▶ **Task instructions**
A single number is the answer here: how many lines of the entries contain "rowP"?

▶ **Given information**
╭──

(* Let $\mathbf K$ be a commutative field, $p,q,r\in\mathbb N$, $A\in\mathbf K^{\mathcal M_{p\times r}}$ and $B\in\mathbf K^{\mathcal M_{r\times q}}$. Then $$\dim\big(\overline{AB}^{rec}\big)\leq \dim\big(\overline{A}^{rec}\big)\,\dim\big(\overline{B}^{rec}\big)$$ (dimensions taken in $\mathbb N\cup\{\infty\}$). In particular, the matrix product of two recurrence matrices $A\in\mathrm{Rec}_{p\times r}(\mathbf K)$, $B\in\mathrm{Rec}_{r\times q}(\mathbf K)$ is a recurrence matrix.
   Context: For $p,q,l\in\mathbb N$, $\mathcal M_{p\times q}^l$ is the set of pairs $(U,W)$ of words of common length $l$ with $U\in\{0,\dots,p-1\}^l$, $W\in\{0,\dots,q-1\}^l$, and $\mathcal M_{p\times q}=\bigcup_{l\ge0}\mathcal M_{p\times q}^l$, a monoid under concatenation $(U,W)(U',W')=(UU',WW')$. $\mathbf K^{\mathcal M_{p\times q}}$ is the vector space of all functions $\mathcal M_{p\times q}\to\mathbf K$; the value of $A$ at $(U,W)$ is written $A[U,W]$. For $(S,T)\in\mathcal M_{p\times q}$ the shift map $\rho(S,T)$ is the linear endomorphism of $\mathbf K^{\mathcal M_{p\times q}}$ given by $(\rho(S,T)A)[U,W]=A[US,WT]$. The recursive closure $\overline{A}^{rec}$ of $A$ is the linear span of $\{\rho(S,T)A:(S,T)\in\mathcal M_{p\times q}\}$; its dimension is the complexity of $A$, and $\mathrm{Rec}_{p\times q}(\mathbf K)$ (recurrence matrices) is the set of $A$ of finite complexity. The matrix product of $A\in\mathbf K^{\mathcal M_{p\times r}}$ and $B\in\mathbf K^{\mathcal M_{r\times q}}$ is $AB\in\mathbf K^{\mathcal M_{p\times q}}$ with $(AB)[U,W]=\sum_{V\in\{0,\dots,r-1\}^l}A[U,V]B[V,W]$ for $(U,W)\in\mathcal M_{p\times q}^l$. *)

From mathcomp Require Import all_boot all_algebra.
Unset Printing Implicit Defensive.
Import GRing.Theory.
Local Open Scope ring_scope.

(* Elements of K^{M_{p x q}}: functions on pairs (U,W) of words of common
   length l over alphabets {0..p-1} and {0..q-1}. *)
Definition recmat (K : fieldType) (p q : nat) : Type :=
  forall l : nat, l.-tuple 'I_p -> l.-tuple 'I_q -> K.

Definition recmat_eq (K : fieldType) (p q : nat) (A B : recmat K p q) : Prop :=
  forall l U W, A l U W = B l U W.

Definition rho (K : fieldType) (p q k : nat) (S : k.-tuple 'I_p)
  (T : k.-tuple 'I_q) (A : recmat K p q) : recmat K p q :=
  fun l U W => A (l + k) (cat_tuple U S) (cat_tuple W T).

Definition monoid_elt (p q : nat) : Type :=
  {k : nat & (k.-tuple 'I_p * k.-tuple 'I_q)%type}.

Definition rho_elt (K : fieldType) (p q : nat) (s : monoid_elt p q)
  (A : recmat K p q) : recmat K p q :=
  @rho K p q (projT1 s) (projT2 s).1 (projT2 s).2 A.

Definition in_rec_closure (K : fieldType) (p q : nat) (A F : recmat K p q) : Prop :=
  exists (n : nat) (a : 'I_n -> K) (s : 'I_n -> monoid_elt p q),
    @recmat_eq K p q F (fun l U W => \sum_(i < n) a i * @rho_elt K p q (s i) A l U W).

(* dim(closure of A) <= d : any d+1 elements of the closure are linearly
   dependent *)
Definition complexity_le (K : fieldType) (p q : nat) (A : recmat K p q) (d : nat) : Prop :=
  forall F : 'I_d.+1 -> recmat K p q,
    (forall i, @in_rec_closure K p q A (F i)) ->
    exists c : 'I_d.+1 -> K, (exists i, c i != 0) /\
      @recmat_eq K p q (fun l U W => \sum_(i < d.+1) c i * (F i) l U W)
                (fun _ _ _ => 0).

Definition is_recurrence (K : fieldType) (p q : nat) (A : recmat K p q) : Prop :=
  exists d : nat, @complexity_le K p q A d.

Definition recmat_mul (K : fieldType) (p r q : nat) (A : recmat K p r)
  (B : recmat K r q) : recmat K p q :=
  fun l U W => \sum_(V : l.-tuple 'I_r) A l U V * B l V W.
Arguments complexity_le {K p q} A d.
Arguments is_recurrence {K p q} A.
Arguments recmat_mul {K p r q} A B l U W.

From mathcomp Require Import all_boot all_algebra.
From Stdlib Require Import Classical.
Unset Printing Implicit Defensive.
Import GRing.Theory.
Local Open Scope ring_scope.

(* Cutting the summation word of length l + k after its first l letters gives
   rho(S,T)(AB) = \sum_R rho(S,R)A * rho(R,T)B.  Hence if a functions span the
   recursive closure of A and b functions span that of B, then the a * b
   products of them span the recursive closure of AB, and any a * b + 1 of its
   elements are linearly dependent.  If A (or B) has complexity 0, all its
   shifts vanish, so every shift of AB vanishes whatever the other factor. *)

Arguments rho {K p q k} S T A l U W.
Arguments rho_elt {K p q} s A l U W.
Arguments in_rec_closure {K p q} A F.
Arguments recmat_eq {K p q} A B.

Lemma big_cat_tuple (R : Type) (idx : R) (op : Monoid.com_law idx)
    (T : finType) (l k : nat) (F : (l + k).-tuple T -> R) :
  \big[op/idx]_(V : (l + k).-tuple T) F V =
  \big[op/idx]_(U : l.-tuple T) \big[op/idx]_(W : k.-tuple T) F (cat_tuple U W).
Proof.
rewrite pair_big /=.
have take_tupleP (V : (l + k).-tuple T) : size (take l V) == l.
  by rewrite size_takel // size_tuple leq_addr.
have drop_tupleP (V : (l + k).-tuple T) : size (drop l V) == k.
  by rewrite size_drop size_tuple addKn.
rewrite (reindex (fun UW : l.-tuple T * k.-tuple T => cat_tuple UW.1 UW.2)) //=.
exists (fun V => (Tuple (take_tupleP V), Tuple (drop_tupleP V))) => [[U W] _|V _].
  by congr pair; apply: val_inj; rewrite /= ?take_size_cat ?drop_size_cat ?size_tuple.
by apply: val_inj; rewrite /= cat_take_drop.
Qed.

Lemma exists_nonzero_left_kernel {K : fieldType} {m n : nat} (M : 'M[K]_(m, n)) :
  (n < m)%N -> exists2 c : 'rV_m, c *m M = 0 & exists i, c 0 i != 0.
Proof.
move=> lt_nm; have : kermx M != 0.
  by rewrite kermx_eq0 -row_leq_rank -ltnNge (leq_ltn_trans (rank_leq_col M)).
case/rowV0Pn=> c /sub_kermxP cM c_neq0; exists c => //.
apply/existsP; apply: contraNT c_neq0; rewrite negb_exists => /forallP c0.
by apply/eqP/rowP => i; rewrite mxE; apply/eqP/negbNE.
Qed.

Section Span.
Context {K : fieldType} {p q : nat}.
Implicit Types F G : recmat K p q.

Definition lin_dependent {n : nat} (F : 'I_n -> recmat K p q) : Prop :=
  exists c : 'I_n -> K, (exists i, c i != 0) /\
    recmat_eq (fun l U W => \sum_(i < n) c i * F i l U W) (fun _ _ _ => 0).

Definition free_family {n : nat} (F : 'I_n -> recmat K p q) : Prop :=
  forall c : 'I_n -> K,
    recmat_eq (fun l U W => \sum_(i < n) c i * F i l U W) (fun _ _ _ => 0) ->
    forall i, c i = 0.

Lemma lin_dependent_free {n : nat} {F : 'I_n -> recmat K p q} :
  lin_dependent F -> ~ free_family F.
Proof. by move=> [c [[i ci] cF]] freeF; rewrite (freeF c cF i) eqxx in ci. Qed.

Context {J : finType} {h : J -> recmat K p q}.

Definition in_span F : Prop :=
  exists x : J -> K, recmat_eq F (fun l U W => \sum_(j : J) x j * h j l U W).

Lemma in_span_ext {F G} : recmat_eq F G -> in_span G -> in_span F.
Proof. by move=> eFG [x Gx]; exists x => l U W; rewrite eFG Gx. Qed.

Lemma in_span_lincomb {I : Type} (r : seq I) (a : I -> K) (F : I -> recmat K p q) :
  (forall i, in_span (F i)) -> in_span (fun l U W => \sum_(i <- r) a i * F i l U W).
Proof.
move=> spanF; elim: r => [|i r [x Fx]].
  by exists (fun _ => 0) => l U W; rewrite big_nil big1 // => j _; rewrite mul0r.
have [y Fiy] := spanF i; exists (fun j => a i * y j + x j) => l U W.
rewrite big_cons Fx Fiy mulr_sumr -big_split; apply: eq_bigr => j _.
by rewrite mulrA mulrDl.
Qed.

Lemma in_span_sum {I : Type} (r : seq I) (F : I -> recmat K p q) :
  (forall i, in_span (F i)) -> in_span (fun l U W => \sum_(i <- r) F i l U W).
Proof.
move=> spanF; apply: in_span_ext (in_span_lincomb r (fun _ => 1) _ spanF) => l U W.
by apply: eq_bigr => i _; rewrite mul1r.
Qed.

(* The coordinates of the F i in h form a d.+1 x #|J| matrix with a nonzero
   left kernel vector. *)
Lemma lin_dependent_in_span (d : nat) (F : 'I_d.+1 -> recmat K p q) :
  (#|J| <= d)%N -> (forall i, in_span (F i)) -> lin_dependent F.
Proof.
move=> cardJ /fin_all_exists[x Fx].
pose M : 'M[K]_(d.+1, #|J|) := \matrix_(i, j) x i (enum_val j).
have [c cM c_neq0] := exists_nonzero_left_kernel M (leq_ltn_trans cardJ (ltnSn d)).
exists (c 0); split=> // l U W /=.
under eq_bigr => i _ do rewrite Fx mulr_sumr.
rewrite exchange_big big1 //= => j _.
have /rowP/(_ (enum_rank j)) := cM; rewrite !mxE => cMj.
transitivity ((\sum_i c 0 i * M i (enum_rank j)) * h j l U W).
  by rewrite mulr_suml; apply: eq_bigr => i _; rewrite mxE enum_rankK mulrA.
by rewrite cMj mul0r.
Qed.

Lemma complexity_le_in_span (A : recmat K p q) (d : nat) :
  (#|J| <= d)%N -> (forall F, in_rec_closure A F -> in_span F) ->
  complexity_le A d.
Proof.
by move=> cardJ spanA F closF; apply: lin_dependent_in_span => // i; apply/spanA.
Qed.

End Span.

Arguments in_span {K p q J} h F.

Section FreeExtend.
Context {K : fieldType} {p q : nat}.

Definition free_extend {n : nat} (h : 'I_n -> recmat K p q) (F : recmat K p q) :
  'I_n.+1 -> recmat K p q :=
  fun i => if unlift ord_max i is Some j then h j else F.

Lemma free_extend_free {n : nat} (h : 'I_n -> recmat K p q) (F : recmat K p q) :
  free_family h -> ~ in_span h F -> free_family (free_extend h F).
Proof.
move=> free_h Fnotin c cF.
have cFh l U W :
    c ord_max * F l U W + \sum_(j < n) c (lift ord_max j) * h j l U W = 0.
  rewrite -[RHS](cF l U W) [RHS](bigD1_ord ord_max) //= /free_extend unlift_none.
  by congr (_ + _); apply: eq_bigr => j _; rewrite liftK.
have c_max : c ord_max = 0.
  have [//|c_neq0] := eqVneq (c ord_max) 0; case: Fnotin.
  exists (fun j => - (c (lift ord_max j) / c ord_max)) => l U W.
  apply: (mulfI c_neq0); rewrite mulr_sumr.
  move/eqP: (cFh l U W); rewrite addr_eq0 => /eqP ->; rewrite -sumrN.
  by apply: eq_bigr => j _; rewrite mulNr mulrN mulrA mulrCA divff // mulr1.
have c_lift j : c (lift ord_max j) = 0.
  apply: (free_h (fun j => c (lift ord_max j))) => l U W.
  by move: (cFh l U W); rewrite c_max mul0r add0r.
by move=> i; case: (unliftP ord_max i) => [j ->|->].
Qed.

End FreeExtend.

Section Closure.
Context {K : fieldType} {p q : nat} (A : recmat K p q).

Lemma rho_in_rec_closure {k : nat} (S : k.-tuple 'I_p) (T : k.-tuple 'I_q) :
  in_rec_closure A (rho S T A).
Proof.
exists 1%N, (fun _ => 1), (fun _ => existT _ k (S, T)) => l U W.
by rewrite big_ord1 mul1r.
Qed.

Lemma complexity_le0_rho : complexity_le A 0 ->
  forall k (S : k.-tuple 'I_p) (T : k.-tuple 'I_q),
    recmat_eq (rho S T A) (fun _ _ _ => 0).
Proof.
move=> A0 k S T l U W.
have [c [[i ci] cA]] := A0 (fun _ => rho S T A) (fun _ => rho_in_rec_closure S T).
rewrite (ord1 i) in ci; have := cA l U W; rewrite /= big_ord1 => /eqP.
by rewrite mulf_eq0 (negPf ci) => /eqP.
Qed.

(* Greedily extend a free family inside the closure until it spans it. *)
Lemma spanning_or_free (n : nat) :
  (exists a, (a < n)%N /\ exists f : 'I_a -> recmat K p q,
     forall F, in_rec_closure A F -> in_span f F) \/
  (exists h : 'I_n -> recmat K p q,
     (forall i, in_rec_closure A (h i)) /\ free_family h).
Proof.
elim: n => [|n [[a [lt_an spanA]] | [h [closh free_h]]]].
- by right; exists (fun _ => A); split=> [[]|c _ []].
- by left; exists a; split; first exact: ltnW.
- have [spanA|] := classic (forall F, in_rec_closure A F -> in_span h F).
    by left; exists n; split; last exists h.
  move=> /not_all_ex_not[F] /(@imply_to_and (in_rec_closure A F))[closF Fnotin].
  right; exists (free_extend h F); split; last exact: free_extend_free.
  by move=> i; rewrite /free_extend; case: (unlift ord_max i).
Qed.

Lemma rec_closure_spanned (d : nat) : complexity_le A d ->
  exists a, (a <= d)%N /\ exists f : 'I_a -> recmat K p q,
    forall F, in_rec_closure A F -> in_span f F.
Proof.
move=> Ad; have [//|[h [closh free_h]]] := spanning_or_free d.+1.
by case: (lin_dependent_free (Ad h closh) free_h).
Qed.

End Closure.

Arguments complexity_le0_rho {K p q A}.

Section Product.
Context {K : fieldType} {p r q : nat}.

Lemma in_span_mul (I J : finType) (f : I -> recmat K p r) (g : J -> recmat K r q)
    (F : recmat K p r) (G : recmat K r q) :
  in_span f F -> in_span g G ->
  in_span (fun ij : I * J => recmat_mul (f ij.1) (g ij.2)) (recmat_mul F G).
Proof.
move=> [x Fx] [y Gy]; exists (fun ij => x ij.1 * y ij.2) => l U W.
transitivity (\sum_(V : l.-tuple 'I_r) \sum_(i : I) \sum_(j : J)
    x i * y j * (f i l U V * g j l V W)).
  apply: eq_bigr => V _; rewrite Fx Gy mulr_suml; apply: eq_bigr => i _.
  by rewrite mulr_sumr; apply: eq_bigr => j _; rewrite mulrACA.
rewrite exchange_big; under eq_bigr => i _ do rewrite exchange_big.
by rewrite pair_big; apply: eq_bigr => -[i j] _; rewrite mulr_sumr.
Qed.

Context (A : recmat K p r) (B : recmat K r q).

Lemma rho_recmat_mul {k : nat} (S : k.-tuple 'I_p) (T : k.-tuple 'I_q) :
  recmat_eq (rho S T (recmat_mul A B))
    (fun l U W => \sum_(R : k.-tuple 'I_r) recmat_mul (rho S R A) (rho R T B) l U W).
Proof. by move=> l U W; rewrite /rho /recmat_mul big_cat_tuple exchange_big. Qed.

Lemma rec_closure_mul_in_span (J : finType) (h : J -> recmat K p q) :
  (forall k (S : k.-tuple 'I_p) (R : k.-tuple 'I_r) (T : k.-tuple 'I_q),
      in_span h (recmat_mul (rho S R A) (rho R T B))) ->
  forall F, in_rec_closure (recmat_mul A B) F -> in_span h F.
Proof.
move=> span_h F [n [a [s eF]]]; apply: (in_span_ext eF).
apply: in_span_lincomb => i; case: (s i) => k [S T].
by apply: (in_span_ext (rho_recmat_mul S T)); apply: in_span_sum.
Qed.

Lemma complexity_le_mul (m n : nat) :
  complexity_le A m -> complexity_le B n -> complexity_le (recmat_mul A B) (m * n).
Proof.
move=> /rec_closure_spanned[a [le_am [f spanA]]].
move=> /rec_closure_spanned[b [le_bn [g spanB]]].
pose fg (ij : 'I_a * 'I_b) := recmat_mul (f ij.1) (g ij.2).
apply: (complexity_le_in_span (h := fg)).
  by rewrite card_prod !card_ord leq_mul.
apply: rec_closure_mul_in_span => k S R T.
exact: in_span_mul (spanA _ (rho_in_rec_closure A S R))
                   (spanB _ (rho_in_rec_closure B R T)).
Qed.

Lemma complexity_le_mul0 :
  (forall k (S : k.-tuple 'I_p) (R : k.-tuple 'I_r) (T : k.-tuple 'I_q) l U W,
      recmat_mul (rho S R A) (rho R T B) l U W = 0) ->
  complexity_le (recmat_mul A B) 0.
Proof.
move=> AB0; apply: (complexity_le_in_span (h := fun _ : 'I_0 => recmat_mul A B)) => [|F].
  by rewrite card_ord.
apply: rec_closure_mul_in_span => k S R T.
by exists (fun _ => 0) => l U W; rewrite big_ord0 AB0.
Qed.

Lemma complexity_le_mul0l :
  complexity_le A 0 -> complexity_le (recmat_mul A B) 0.
Proof.
move=> A0; apply: complexity_le_mul0 => k S R T l U W.
by rewrite /recmat_mul big1 // => V _; rewrite (complexity_le0_rho A0) mul0r.
Qed.

Lemma complexity_le_mul0r :
  complexity_le B 0 -> complexity_le (recmat_mul A B) 0.
Proof.
move=> B0; apply: complexity_le_mul0 => k S R T l U W.
by rewrite /recmat_mul big1 // => V _; rewrite (complexity_le0_rho B0) mulr0.
Qed.

End Product.

Theorem mainTheorem1 (K : fieldType) (p q r : nat)
  (A : recmat K p r) (B : recmat K r q) :
  (forall m n : nat, complexity_le A m -> complexity_le B n ->
     complexity_le (recmat_mul A B) (m * n)) /\
  (complexity_le A 0 -> complexity_le (recmat_mul A B) 0) /\
  (complexity_le B 0 -> complexity_le (recmat_mul A B) 0) /\
  (is_recurrence A -> is_recurrence B -> is_recurrence (recmat_mul A B)).
Proof.
split; first exact: complexity_le_mul.
split; first exact: complexity_le_mul0l.
split; first exact: complexity_le_mul0r.
by move=> [m Am] [n Bn]; exists (m * n)%N; apply: complexity_le_mul.
Qed.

╰──

▶ **Result**
2